START GIVEN RECORDS

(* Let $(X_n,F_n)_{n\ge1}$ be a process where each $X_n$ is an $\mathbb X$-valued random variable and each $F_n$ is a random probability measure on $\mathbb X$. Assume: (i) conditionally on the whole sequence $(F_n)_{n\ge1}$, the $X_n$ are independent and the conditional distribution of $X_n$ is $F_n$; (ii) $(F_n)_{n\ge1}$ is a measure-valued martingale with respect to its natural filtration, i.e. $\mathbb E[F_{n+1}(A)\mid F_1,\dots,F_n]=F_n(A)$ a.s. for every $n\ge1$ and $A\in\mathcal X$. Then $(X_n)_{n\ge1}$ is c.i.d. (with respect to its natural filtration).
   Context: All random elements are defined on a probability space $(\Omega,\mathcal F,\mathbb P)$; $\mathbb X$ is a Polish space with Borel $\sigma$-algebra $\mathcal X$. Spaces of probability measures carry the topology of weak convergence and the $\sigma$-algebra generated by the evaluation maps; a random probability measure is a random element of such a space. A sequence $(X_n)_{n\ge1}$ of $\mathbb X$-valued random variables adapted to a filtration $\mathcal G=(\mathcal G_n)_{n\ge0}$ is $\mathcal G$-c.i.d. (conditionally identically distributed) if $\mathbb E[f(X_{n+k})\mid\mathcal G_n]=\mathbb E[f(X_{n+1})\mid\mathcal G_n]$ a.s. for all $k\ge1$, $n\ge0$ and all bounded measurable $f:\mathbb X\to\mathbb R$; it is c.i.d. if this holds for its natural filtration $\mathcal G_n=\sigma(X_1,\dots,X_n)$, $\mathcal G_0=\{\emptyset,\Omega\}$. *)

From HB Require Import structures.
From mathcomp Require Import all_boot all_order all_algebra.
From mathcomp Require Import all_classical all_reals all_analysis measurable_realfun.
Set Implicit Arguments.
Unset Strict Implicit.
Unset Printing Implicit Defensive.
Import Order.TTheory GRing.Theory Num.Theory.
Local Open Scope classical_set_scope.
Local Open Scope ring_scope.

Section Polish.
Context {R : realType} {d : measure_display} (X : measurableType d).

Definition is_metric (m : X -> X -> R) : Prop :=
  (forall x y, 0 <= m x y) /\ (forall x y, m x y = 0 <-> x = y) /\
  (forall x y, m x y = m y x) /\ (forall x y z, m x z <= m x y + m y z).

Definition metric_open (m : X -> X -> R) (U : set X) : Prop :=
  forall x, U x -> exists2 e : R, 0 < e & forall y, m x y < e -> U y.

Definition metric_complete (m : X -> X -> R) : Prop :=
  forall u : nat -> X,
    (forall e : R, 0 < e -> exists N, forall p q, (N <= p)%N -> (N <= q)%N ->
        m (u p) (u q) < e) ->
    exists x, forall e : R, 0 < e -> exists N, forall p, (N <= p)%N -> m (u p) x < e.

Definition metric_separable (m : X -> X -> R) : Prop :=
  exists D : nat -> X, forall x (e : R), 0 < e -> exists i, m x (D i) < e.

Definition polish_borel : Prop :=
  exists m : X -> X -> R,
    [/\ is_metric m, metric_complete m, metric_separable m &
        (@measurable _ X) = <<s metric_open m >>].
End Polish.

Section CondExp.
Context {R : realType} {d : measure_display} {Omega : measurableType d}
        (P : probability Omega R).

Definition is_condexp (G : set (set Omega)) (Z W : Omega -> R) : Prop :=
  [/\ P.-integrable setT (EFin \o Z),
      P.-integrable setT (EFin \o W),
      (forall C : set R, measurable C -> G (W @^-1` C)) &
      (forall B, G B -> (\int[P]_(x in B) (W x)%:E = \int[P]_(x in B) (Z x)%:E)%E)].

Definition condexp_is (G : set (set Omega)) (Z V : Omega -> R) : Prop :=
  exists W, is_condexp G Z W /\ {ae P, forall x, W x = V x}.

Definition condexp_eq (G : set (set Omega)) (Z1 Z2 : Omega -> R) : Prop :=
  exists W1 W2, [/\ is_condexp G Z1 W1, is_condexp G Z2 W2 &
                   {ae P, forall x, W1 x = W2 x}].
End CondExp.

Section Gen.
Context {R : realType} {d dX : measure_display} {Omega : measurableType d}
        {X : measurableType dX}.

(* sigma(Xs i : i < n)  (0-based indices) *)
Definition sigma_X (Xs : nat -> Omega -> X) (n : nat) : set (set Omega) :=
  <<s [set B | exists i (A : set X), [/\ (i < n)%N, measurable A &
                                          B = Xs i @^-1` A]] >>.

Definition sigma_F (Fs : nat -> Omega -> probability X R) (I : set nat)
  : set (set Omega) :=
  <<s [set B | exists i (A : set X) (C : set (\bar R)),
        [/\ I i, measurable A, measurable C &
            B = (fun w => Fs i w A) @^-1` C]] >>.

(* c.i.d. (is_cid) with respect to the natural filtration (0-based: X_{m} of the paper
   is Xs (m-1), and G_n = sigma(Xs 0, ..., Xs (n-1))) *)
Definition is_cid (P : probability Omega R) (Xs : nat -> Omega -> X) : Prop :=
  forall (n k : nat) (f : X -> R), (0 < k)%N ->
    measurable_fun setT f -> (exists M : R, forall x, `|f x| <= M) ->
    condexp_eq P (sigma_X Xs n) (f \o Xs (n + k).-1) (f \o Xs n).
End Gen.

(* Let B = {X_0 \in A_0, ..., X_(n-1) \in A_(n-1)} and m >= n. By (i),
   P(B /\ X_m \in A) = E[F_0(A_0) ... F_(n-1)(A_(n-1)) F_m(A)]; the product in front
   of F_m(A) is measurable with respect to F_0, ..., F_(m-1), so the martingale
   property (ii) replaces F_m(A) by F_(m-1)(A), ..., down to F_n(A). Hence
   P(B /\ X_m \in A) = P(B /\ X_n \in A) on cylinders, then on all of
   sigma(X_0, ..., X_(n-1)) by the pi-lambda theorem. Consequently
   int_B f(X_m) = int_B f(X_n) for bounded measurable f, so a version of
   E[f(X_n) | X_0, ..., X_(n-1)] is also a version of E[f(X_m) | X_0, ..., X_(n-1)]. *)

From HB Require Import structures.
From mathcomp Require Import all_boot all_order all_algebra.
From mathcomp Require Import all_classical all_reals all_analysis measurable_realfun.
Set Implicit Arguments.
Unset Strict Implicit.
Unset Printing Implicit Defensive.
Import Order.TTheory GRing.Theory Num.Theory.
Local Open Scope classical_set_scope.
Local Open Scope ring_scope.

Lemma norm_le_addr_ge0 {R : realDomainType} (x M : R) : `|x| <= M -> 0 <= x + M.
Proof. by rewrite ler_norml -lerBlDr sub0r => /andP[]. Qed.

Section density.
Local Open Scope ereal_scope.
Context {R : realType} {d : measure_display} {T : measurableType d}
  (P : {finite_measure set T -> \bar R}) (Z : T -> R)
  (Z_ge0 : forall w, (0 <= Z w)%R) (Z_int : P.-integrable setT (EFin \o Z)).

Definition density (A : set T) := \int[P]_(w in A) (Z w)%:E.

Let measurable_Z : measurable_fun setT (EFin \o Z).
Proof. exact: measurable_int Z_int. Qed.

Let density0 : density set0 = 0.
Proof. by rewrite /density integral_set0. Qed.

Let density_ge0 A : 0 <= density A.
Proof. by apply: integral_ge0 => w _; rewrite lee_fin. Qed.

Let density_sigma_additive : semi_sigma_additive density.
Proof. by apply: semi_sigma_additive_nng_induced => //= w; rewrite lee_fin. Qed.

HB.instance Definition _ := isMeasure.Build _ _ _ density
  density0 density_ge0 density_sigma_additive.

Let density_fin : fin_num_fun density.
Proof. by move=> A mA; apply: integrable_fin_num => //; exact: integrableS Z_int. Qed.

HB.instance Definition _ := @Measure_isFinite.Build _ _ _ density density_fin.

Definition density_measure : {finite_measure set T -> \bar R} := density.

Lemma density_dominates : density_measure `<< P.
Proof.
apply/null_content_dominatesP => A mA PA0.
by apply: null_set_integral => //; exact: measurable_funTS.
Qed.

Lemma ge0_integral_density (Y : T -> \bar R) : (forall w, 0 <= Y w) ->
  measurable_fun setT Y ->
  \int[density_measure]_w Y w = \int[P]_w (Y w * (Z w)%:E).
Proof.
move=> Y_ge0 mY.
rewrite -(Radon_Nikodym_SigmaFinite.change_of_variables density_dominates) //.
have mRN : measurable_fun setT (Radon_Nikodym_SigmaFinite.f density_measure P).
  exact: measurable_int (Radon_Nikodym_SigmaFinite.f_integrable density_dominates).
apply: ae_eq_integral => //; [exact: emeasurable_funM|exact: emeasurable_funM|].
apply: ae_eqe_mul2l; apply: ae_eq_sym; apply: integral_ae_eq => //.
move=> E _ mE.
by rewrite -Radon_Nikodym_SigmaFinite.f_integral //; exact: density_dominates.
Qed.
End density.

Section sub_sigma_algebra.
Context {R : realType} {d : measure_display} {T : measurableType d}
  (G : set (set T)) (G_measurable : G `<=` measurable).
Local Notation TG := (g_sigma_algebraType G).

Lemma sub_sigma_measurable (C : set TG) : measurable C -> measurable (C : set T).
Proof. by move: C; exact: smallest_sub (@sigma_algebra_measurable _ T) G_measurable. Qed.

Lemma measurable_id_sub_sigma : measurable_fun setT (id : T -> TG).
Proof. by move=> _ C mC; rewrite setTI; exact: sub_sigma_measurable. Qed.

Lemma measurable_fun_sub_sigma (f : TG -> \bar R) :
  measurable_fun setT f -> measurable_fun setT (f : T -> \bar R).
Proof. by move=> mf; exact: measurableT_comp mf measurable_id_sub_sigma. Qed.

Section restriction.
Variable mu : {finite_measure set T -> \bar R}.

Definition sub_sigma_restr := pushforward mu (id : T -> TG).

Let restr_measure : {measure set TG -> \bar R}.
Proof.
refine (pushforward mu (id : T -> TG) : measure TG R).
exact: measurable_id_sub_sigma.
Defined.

END GIVEN RECORDS

Here the answer is the exact run of lines above, from the line with "Lemma measurable_fun_sub_sigma (f" down to the last, and nothing else.

Lemma measurable_fun_sub_sigma (f : TG -> \bar R) :
  measurable_fun setT f -> measurable_fun setT (f : T -> \bar R).
Proof. by move=> mf; exact: measurableT_comp mf measurable_id_sub_sigma. Qed.

Section restriction.
Variable mu : {finite_measure set T -> \bar R}.

Definition sub_sigma_restr := pushforward mu (id : T -> TG).

Let restr_measure : {measure set TG -> \bar R}.
Proof.
refine (pushforward mu (id : T -> TG) : measure TG R).
exact: measurable_id_sub_sigma.
Defined.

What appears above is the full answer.